Stored data entries.
(* Let $(M_q,\widetilde B)$ be a quantum seed and $\mathrm{inv}\subseteq[1,N]\setminus\mathrm{ex}$. For each prime element $p\in\mathbb Z[q^{\pm1/2}]$ and each $k\in\mathrm{ex}$, $$\mathcal T_q(M_q)_\ge\cap\big(p\,\mathcal T_q(\mu_kM_q)_\ge\big)=\big(p\,\mathcal T_q(M_q)_\ge\big)\cap\mathcal T_q(\mu_kM_q)_\ge.$$
   Context: $\mathcal A^{1/2}_q=\mathbb Z[q^{\pm1/2}]$; $e_1,\dots,e_N$ standard basis of $\mathbb Z^N$. For a skew-symmetric integer matrix $\Lambda$, the based quantum torus $\mathcal T_q(\Lambda)$ is the $\mathcal A^{1/2}_q$-algebra with basis $X^f$, $f\in\mathbb Z^N$, and $X^fX^g=q^{\Lambda(f,g)/2}X^{f+g}$. A toric frame of a division algebra $\mathcal F_q$ over $\mathbb Q(q^{1/2})$ is a map $M_q:\mathbb Z^N\to\mathcal F_q$ such that for some (unique) skew-symmetric $\Lambda=:\Lambda_{M_q}\in M_N(\mathbb Z)$ there is an injective $\mathcal A^{1/2}_q$-algebra map $\mathcal T_q(\Lambda)\to\mathcal F_q$, $X^f\mapsto M_q(f)$, with $\mathcal F_q$ the skew field of fractions of its image. Fix $\mathrm{ex}\subseteq[1,N]$; $\widetilde B=(b_{ij})$ is an integer matrix with rows $[1,N]$, columns $\mathrm{ex}$, $k$-th column $b^k$. $(\Lambda,\widetilde B)$ is compatible if there are positive integers $d_j$ with $\sum_kb_{kj}\lambda_{ki}=\delta_{ij}d_j$ for all $i\in[1,N]$, $j\in\mathrm{ex}$; a quantum seed is $(M_q,\widetilde B)$ with $(\Lambda_{M_q},\widetilde B)$ compatible. For $k\in\mathrm{ex}$, $\mu_k(M_q)$ is the toric frame with matrix $E^\top\Lambda_{M_q}E$ ($E$: $e_{ij}=\delta_{ij}$ for $j\ne k$, $e_{kk}=-1$, $e_{ik}=\max(0,-b_{ik})$ for $i\ne k$) such that $\mu_k(M_q)(e_j)=M_q(e_j)$ for $j\ne k$ and $\mu_k(M_q)(e_k)=M_q(-e_k+[b^k]_+)+M_q(-e_k-[b^k]_-)$, where $[b]_\pm$ keeps the entries $b_i$ with $\pm b_i\ge0$ and sets the others to $0$. For a toric frame $M'_q$, $\mathcal T_q(M'_q)_\ge$ is the $\mathcal A^{1/2}_q$-subalgebra of $\mathcal F_q$ generated by $M'_q(e_i)$, $i\in[1,N]$, and $M'_q(e_j)^{-1}$, $j\in\mathrm{ex}\sqcup\mathrm{inv}$. *)

From HB Require Import structures.
From mathcomp Require Import all_boot all_order all_algebra.
Set Implicit Arguments. Unset Strict Implicit. Unset Printing Implicit Defensive.
Import Order.TTheory GRing.Theory Num.Theory.
Local Open Scope ring_scope.

(* Q(q^{1/2}) : the field of rational functions in t = q^{1/2} over Q. *)
Definition Kq : fieldType := {fraction {poly rat}}.
Definition qh : Kq := tofrac ('X : {poly rat}).

(* A^{1/2}_q = Z[q^{+-1/2}], as a subring of Kq *)
Definition inA (a : Kq) : Prop :=
  exists (P : {poly int}) (n : nat), a = tofrac (map_poly intr P) / qh ^+ n.

Definition dvdA (p a : Kq) : Prop := exists c, inA c /\ a = p * c.
Definition primeA (p : Kq) : Prop :=
  [/\ inA p, p != 0, ~ inA p^-1 &
      forall a b, inA a -> inA b -> dvdA p (a * b) -> dvdA p a \/ dvdA p b].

Exercise brief.
Set down each record above without changing a single word.

Solution to the problem.
(* Let $(M_q,\widetilde B)$ be a quantum seed and $\mathrm{inv}\subseteq[1,N]\setminus\mathrm{ex}$. For each prime element $p\in\mathbb Z[q^{\pm1/2}]$ and each $k\in\mathrm{ex}$, $$\mathcal T_q(M_q)_\ge\cap\big(p\,\mathcal T_q(\mu_kM_q)_\ge\big)=\big(p\,\mathcal T_q(M_q)_\ge\big)\cap\mathcal T_q(\mu_kM_q)_\ge.$$
   Context: $\mathcal A^{1/2}_q=\mathbb Z[q^{\pm1/2}]$; $e_1,\dots,e_N$ standard basis of $\mathbb Z^N$. For a skew-symmetric integer matrix $\Lambda$, the based quantum torus $\mathcal T_q(\Lambda)$ is the $\mathcal A^{1/2}_q$-algebra with basis $X^f$, $f\in\mathbb Z^N$, and $X^fX^g=q^{\Lambda(f,g)/2}X^{f+g}$. A toric frame of a division algebra $\mathcal F_q$ over $\mathbb Q(q^{1/2})$ is a map $M_q:\mathbb Z^N\to\mathcal F_q$ such that for some (unique) skew-symmetric $\Lambda=:\Lambda_{M_q}\in M_N(\mathbb Z)$ there is an injective $\mathcal A^{1/2}_q$-algebra map $\mathcal T_q(\Lambda)\to\mathcal F_q$, $X^f\mapsto M_q(f)$, with $\mathcal F_q$ the skew field of fractions of its image. Fix $\mathrm{ex}\subseteq[1,N]$; $\widetilde B=(b_{ij})$ is an integer matrix with rows $[1,N]$, columns $\mathrm{ex}$, $k$-th column $b^k$. $(\Lambda,\widetilde B)$ is compatible if there are positive integers $d_j$ with $\sum_kb_{kj}\lambda_{ki}=\delta_{ij}d_j$ for all $i\in[1,N]$, $j\in\mathrm{ex}$; a quantum seed is $(M_q,\widetilde B)$ with $(\Lambda_{M_q},\widetilde B)$ compatible. For $k\in\mathrm{ex}$, $\mu_k(M_q)$ is the toric frame with matrix $E^\top\Lambda_{M_q}E$ ($E$: $e_{ij}=\delta_{ij}$ for $j\ne k$, $e_{kk}=-1$, $e_{ik}=\max(0,-b_{ik})$ for $i\ne k$) such that $\mu_k(M_q)(e_j)=M_q(e_j)$ for $j\ne k$ and $\mu_k(M_q)(e_k)=M_q(-e_k+[b^k]_+)+M_q(-e_k-[b^k]_-)$, where $[b]_\pm$ keeps the entries $b_i$ with $\pm b_i\ge0$ and sets the others to $0$. For a toric frame $M'_q$, $\mathcal T_q(M'_q)_\ge$ is the $\mathcal A^{1/2}_q$-subalgebra of $\mathcal F_q$ generated by $M'_q(e_i)$, $i\in[1,N]$, and $M'_q(e_j)^{-1}$, $j\in\mathrm{ex}\sqcup\mathrm{inv}$. *)

From HB Require Import structures.
From mathcomp Require Import all_boot all_order all_algebra.
Set Implicit Arguments. Unset Strict Implicit. Unset Printing Implicit Defensive.
Import Order.TTheory GRing.Theory Num.Theory.
Local Open Scope ring_scope.

(* Q(q^{1/2}) : the field of rational functions in t = q^{1/2} over Q. *)
Definition Kq : fieldType := {fraction {poly rat}}.
Definition qh : Kq := tofrac ('X : {poly rat}).

(* A^{1/2}_q = Z[q^{+-1/2}], as a subring of Kq *)
Definition inA (a : Kq) : Prop :=
  exists (P : {poly int}) (n : nat), a = tofrac (map_poly intr P) / qh ^+ n.

Definition dvdA (p a : Kq) : Prop := exists c, inA c /\ a = p * c.
Definition primeA (p : Kq) : Prop :=
  [/\ inA p, p != 0, ~ inA p^-1 &
      forall a b, inA a -> inA b -> dvdA p (a * b) -> dvdA p a \/ dvdA p b].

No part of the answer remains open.